(Stored data entries)
============================================================

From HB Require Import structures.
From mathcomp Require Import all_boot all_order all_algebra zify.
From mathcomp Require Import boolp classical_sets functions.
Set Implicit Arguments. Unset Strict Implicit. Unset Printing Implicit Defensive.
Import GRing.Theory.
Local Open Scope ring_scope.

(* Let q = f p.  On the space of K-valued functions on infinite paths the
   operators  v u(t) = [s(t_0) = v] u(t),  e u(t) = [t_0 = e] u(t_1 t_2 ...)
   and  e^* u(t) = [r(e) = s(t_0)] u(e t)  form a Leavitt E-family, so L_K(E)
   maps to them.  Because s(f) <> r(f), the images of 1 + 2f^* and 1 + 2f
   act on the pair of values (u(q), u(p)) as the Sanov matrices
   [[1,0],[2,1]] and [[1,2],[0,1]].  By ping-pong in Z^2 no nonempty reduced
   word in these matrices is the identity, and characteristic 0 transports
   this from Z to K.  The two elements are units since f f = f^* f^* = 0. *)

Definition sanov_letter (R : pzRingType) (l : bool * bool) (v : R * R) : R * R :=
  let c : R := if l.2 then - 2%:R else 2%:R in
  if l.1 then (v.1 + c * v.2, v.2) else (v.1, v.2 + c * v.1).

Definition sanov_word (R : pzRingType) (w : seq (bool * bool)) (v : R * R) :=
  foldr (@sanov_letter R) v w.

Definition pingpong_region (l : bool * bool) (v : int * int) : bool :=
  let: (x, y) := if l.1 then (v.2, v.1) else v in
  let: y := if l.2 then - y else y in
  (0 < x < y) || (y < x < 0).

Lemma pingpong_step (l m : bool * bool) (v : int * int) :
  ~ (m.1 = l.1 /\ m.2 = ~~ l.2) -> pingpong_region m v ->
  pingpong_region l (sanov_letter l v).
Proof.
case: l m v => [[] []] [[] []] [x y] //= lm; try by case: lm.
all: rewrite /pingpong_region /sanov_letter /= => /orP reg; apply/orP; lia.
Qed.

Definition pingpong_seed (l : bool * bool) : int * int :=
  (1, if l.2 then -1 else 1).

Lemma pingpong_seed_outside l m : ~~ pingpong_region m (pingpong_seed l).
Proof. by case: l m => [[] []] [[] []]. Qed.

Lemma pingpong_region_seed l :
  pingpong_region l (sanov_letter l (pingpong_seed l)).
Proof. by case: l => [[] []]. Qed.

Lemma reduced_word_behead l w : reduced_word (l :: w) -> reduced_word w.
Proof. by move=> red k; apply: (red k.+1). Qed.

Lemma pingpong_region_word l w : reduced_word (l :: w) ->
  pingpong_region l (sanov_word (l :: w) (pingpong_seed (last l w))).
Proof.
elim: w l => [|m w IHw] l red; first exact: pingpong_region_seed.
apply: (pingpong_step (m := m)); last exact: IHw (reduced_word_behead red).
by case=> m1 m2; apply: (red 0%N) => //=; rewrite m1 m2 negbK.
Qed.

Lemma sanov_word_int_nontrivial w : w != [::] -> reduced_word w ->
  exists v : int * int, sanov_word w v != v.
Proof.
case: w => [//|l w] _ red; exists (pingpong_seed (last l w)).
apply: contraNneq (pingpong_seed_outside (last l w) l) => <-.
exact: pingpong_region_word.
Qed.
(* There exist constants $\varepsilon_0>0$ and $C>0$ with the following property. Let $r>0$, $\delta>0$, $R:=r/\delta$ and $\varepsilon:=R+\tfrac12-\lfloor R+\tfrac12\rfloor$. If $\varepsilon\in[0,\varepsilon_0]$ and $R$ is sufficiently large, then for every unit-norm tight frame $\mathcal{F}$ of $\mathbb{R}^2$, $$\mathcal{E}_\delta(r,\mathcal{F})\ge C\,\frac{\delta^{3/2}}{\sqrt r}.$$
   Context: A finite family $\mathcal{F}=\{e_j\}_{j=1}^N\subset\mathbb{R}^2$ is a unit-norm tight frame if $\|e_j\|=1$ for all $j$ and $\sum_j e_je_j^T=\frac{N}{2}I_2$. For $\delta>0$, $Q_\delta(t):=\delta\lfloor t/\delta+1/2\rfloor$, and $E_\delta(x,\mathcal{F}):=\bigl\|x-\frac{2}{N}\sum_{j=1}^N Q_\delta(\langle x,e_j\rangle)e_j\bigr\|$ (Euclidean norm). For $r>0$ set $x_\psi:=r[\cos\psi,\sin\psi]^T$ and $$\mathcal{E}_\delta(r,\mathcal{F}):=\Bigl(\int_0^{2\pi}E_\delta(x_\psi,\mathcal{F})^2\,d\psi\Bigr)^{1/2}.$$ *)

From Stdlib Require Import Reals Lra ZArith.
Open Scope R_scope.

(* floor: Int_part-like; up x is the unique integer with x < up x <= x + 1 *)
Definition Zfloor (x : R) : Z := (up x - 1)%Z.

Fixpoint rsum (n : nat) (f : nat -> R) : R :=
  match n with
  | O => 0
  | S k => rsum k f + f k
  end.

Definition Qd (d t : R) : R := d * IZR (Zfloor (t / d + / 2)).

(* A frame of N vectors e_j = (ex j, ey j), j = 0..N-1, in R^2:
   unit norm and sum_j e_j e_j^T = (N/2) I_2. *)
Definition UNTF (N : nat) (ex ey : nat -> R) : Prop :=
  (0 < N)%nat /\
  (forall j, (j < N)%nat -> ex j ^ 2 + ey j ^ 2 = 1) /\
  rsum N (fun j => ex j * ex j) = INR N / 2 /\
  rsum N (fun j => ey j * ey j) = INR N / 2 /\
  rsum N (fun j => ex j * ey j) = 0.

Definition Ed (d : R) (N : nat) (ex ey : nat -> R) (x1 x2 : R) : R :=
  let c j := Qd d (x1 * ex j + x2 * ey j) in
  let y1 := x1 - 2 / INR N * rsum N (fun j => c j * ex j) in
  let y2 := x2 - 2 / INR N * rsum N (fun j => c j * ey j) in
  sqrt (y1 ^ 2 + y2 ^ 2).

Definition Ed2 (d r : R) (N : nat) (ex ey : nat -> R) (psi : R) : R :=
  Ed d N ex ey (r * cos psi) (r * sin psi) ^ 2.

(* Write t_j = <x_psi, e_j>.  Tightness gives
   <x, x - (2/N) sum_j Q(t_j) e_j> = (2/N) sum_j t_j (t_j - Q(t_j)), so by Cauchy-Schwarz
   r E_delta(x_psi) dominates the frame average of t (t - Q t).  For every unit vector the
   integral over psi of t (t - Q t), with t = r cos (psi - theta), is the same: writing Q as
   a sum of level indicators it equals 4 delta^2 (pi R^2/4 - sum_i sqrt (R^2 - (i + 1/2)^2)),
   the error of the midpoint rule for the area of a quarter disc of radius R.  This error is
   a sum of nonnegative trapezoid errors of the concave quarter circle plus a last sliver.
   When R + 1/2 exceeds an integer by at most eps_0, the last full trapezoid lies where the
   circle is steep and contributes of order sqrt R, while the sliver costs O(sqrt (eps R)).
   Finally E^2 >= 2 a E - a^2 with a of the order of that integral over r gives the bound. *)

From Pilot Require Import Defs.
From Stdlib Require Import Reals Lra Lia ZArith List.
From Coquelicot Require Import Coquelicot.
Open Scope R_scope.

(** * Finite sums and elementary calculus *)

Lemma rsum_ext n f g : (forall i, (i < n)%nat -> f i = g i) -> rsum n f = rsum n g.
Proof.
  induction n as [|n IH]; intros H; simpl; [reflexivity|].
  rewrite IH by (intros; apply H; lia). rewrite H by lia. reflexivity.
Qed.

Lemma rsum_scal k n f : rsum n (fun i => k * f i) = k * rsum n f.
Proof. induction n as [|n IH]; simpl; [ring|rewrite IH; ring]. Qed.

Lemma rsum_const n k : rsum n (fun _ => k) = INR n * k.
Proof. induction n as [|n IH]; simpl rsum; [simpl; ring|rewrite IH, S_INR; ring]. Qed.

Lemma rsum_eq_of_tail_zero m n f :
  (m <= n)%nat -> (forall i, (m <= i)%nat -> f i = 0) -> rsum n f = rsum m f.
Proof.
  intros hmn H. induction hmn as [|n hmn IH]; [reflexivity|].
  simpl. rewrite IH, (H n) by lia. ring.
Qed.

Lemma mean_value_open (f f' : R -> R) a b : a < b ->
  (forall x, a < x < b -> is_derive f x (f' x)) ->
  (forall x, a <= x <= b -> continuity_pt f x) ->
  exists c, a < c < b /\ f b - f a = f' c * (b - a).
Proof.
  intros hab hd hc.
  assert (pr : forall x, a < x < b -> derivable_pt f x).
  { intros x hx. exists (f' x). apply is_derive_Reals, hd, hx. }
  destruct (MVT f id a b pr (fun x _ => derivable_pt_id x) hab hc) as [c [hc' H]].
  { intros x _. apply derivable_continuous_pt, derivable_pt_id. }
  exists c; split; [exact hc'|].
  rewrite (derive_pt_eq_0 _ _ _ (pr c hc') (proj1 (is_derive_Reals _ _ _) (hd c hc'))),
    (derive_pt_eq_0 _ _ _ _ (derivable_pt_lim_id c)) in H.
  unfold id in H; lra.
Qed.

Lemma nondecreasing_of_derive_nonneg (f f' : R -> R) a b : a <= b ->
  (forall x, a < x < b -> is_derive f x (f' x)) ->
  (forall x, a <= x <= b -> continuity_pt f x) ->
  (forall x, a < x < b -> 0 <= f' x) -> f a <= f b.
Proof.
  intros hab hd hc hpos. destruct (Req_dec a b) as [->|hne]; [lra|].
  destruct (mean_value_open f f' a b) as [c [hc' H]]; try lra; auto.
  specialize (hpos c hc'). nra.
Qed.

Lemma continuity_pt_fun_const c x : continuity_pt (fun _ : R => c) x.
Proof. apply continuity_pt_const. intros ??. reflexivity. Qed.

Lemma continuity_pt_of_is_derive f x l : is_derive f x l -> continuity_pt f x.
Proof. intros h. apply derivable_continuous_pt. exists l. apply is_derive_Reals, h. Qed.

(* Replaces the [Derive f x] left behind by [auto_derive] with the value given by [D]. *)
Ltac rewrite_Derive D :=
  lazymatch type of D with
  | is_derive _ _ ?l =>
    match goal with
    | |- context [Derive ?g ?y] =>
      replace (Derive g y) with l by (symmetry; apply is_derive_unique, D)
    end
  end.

============================================================

* What the task asks
The stretch of entries above that starts with the line containing "apply: (pingpong_step (m" and goes on through the line containing "rsum N (fun j => ex j * ey j) = 0." is to be transcribed exactly, and no other line is to be transcribed.

* Result of this exercise
apply: (pingpong_step (m := m)); last exact: IHw (reduced_word_behead red).
by case=> m1 m2; apply: (red 0%N) => //=; rewrite m1 m2 negbK.
Qed.

Lemma sanov_word_int_nontrivial w : w != [::] -> reduced_word w ->
  exists v : int * int, sanov_word w v != v.
Proof.
case: w => [//|l w] _ red; exists (pingpong_seed (last l w)).
apply: contraNneq (pingpong_seed_outside (last l w) l) => <-.
exact: pingpong_region_word.
Qed.
(* There exist constants $\varepsilon_0>0$ and $C>0$ with the following property. Let $r>0$, $\delta>0$, $R:=r/\delta$ and $\varepsilon:=R+\tfrac12-\lfloor R+\tfrac12\rfloor$. If $\varepsilon\in[0,\varepsilon_0]$ and $R$ is sufficiently large, then for every unit-norm tight frame $\mathcal{F}$ of $\mathbb{R}^2$, $$\mathcal{E}_\delta(r,\mathcal{F})\ge C\,\frac{\delta^{3/2}}{\sqrt r}.$$
   Context: A finite family $\mathcal{F}=\{e_j\}_{j=1}^N\subset\mathbb{R}^2$ is a unit-norm tight frame if $\|e_j\|=1$ for all $j$ and $\sum_j e_je_j^T=\frac{N}{2}I_2$. For $\delta>0$, $Q_\delta(t):=\delta\lfloor t/\delta+1/2\rfloor$, and $E_\delta(x,\mathcal{F}):=\bigl\|x-\frac{2}{N}\sum_{j=1}^N Q_\delta(\langle x,e_j\rangle)e_j\bigr\|$ (Euclidean norm). For $r>0$ set $x_\psi:=r[\cos\psi,\sin\psi]^T$ and $$\mathcal{E}_\delta(r,\mathcal{F}):=\Bigl(\int_0^{2\pi}E_\delta(x_\psi,\mathcal{F})^2\,d\psi\Bigr)^{1/2}.$$ *)

From Stdlib Require Import Reals Lra ZArith.
Open Scope R_scope.

(* floor: Int_part-like; up x is the unique integer with x < up x <= x + 1 *)
Definition Zfloor (x : R) : Z := (up x - 1)%Z.

Fixpoint rsum (n : nat) (f : nat -> R) : R :=
  match n with
  | O => 0
  | S k => rsum k f + f k
  end.

Definition Qd (d t : R) : R := d * IZR (Zfloor (t / d + / 2)).

(* A frame of N vectors e_j = (ex j, ey j), j = 0..N-1, in R^2:
   unit norm and sum_j e_j e_j^T = (N/2) I_2. *)
Definition UNTF (N : nat) (ex ey : nat -> R) : Prop :=
  (0 < N)%nat /\
  (forall j, (j < N)%nat -> ex j ^ 2 + ey j ^ 2 = 1) /\
  rsum N (fun j => ex j * ex j) = INR N / 2 /\
  rsum N (fun j => ey j * ey j) = INR N / 2 /\
  rsum N (fun j => ex j * ey j) = 0.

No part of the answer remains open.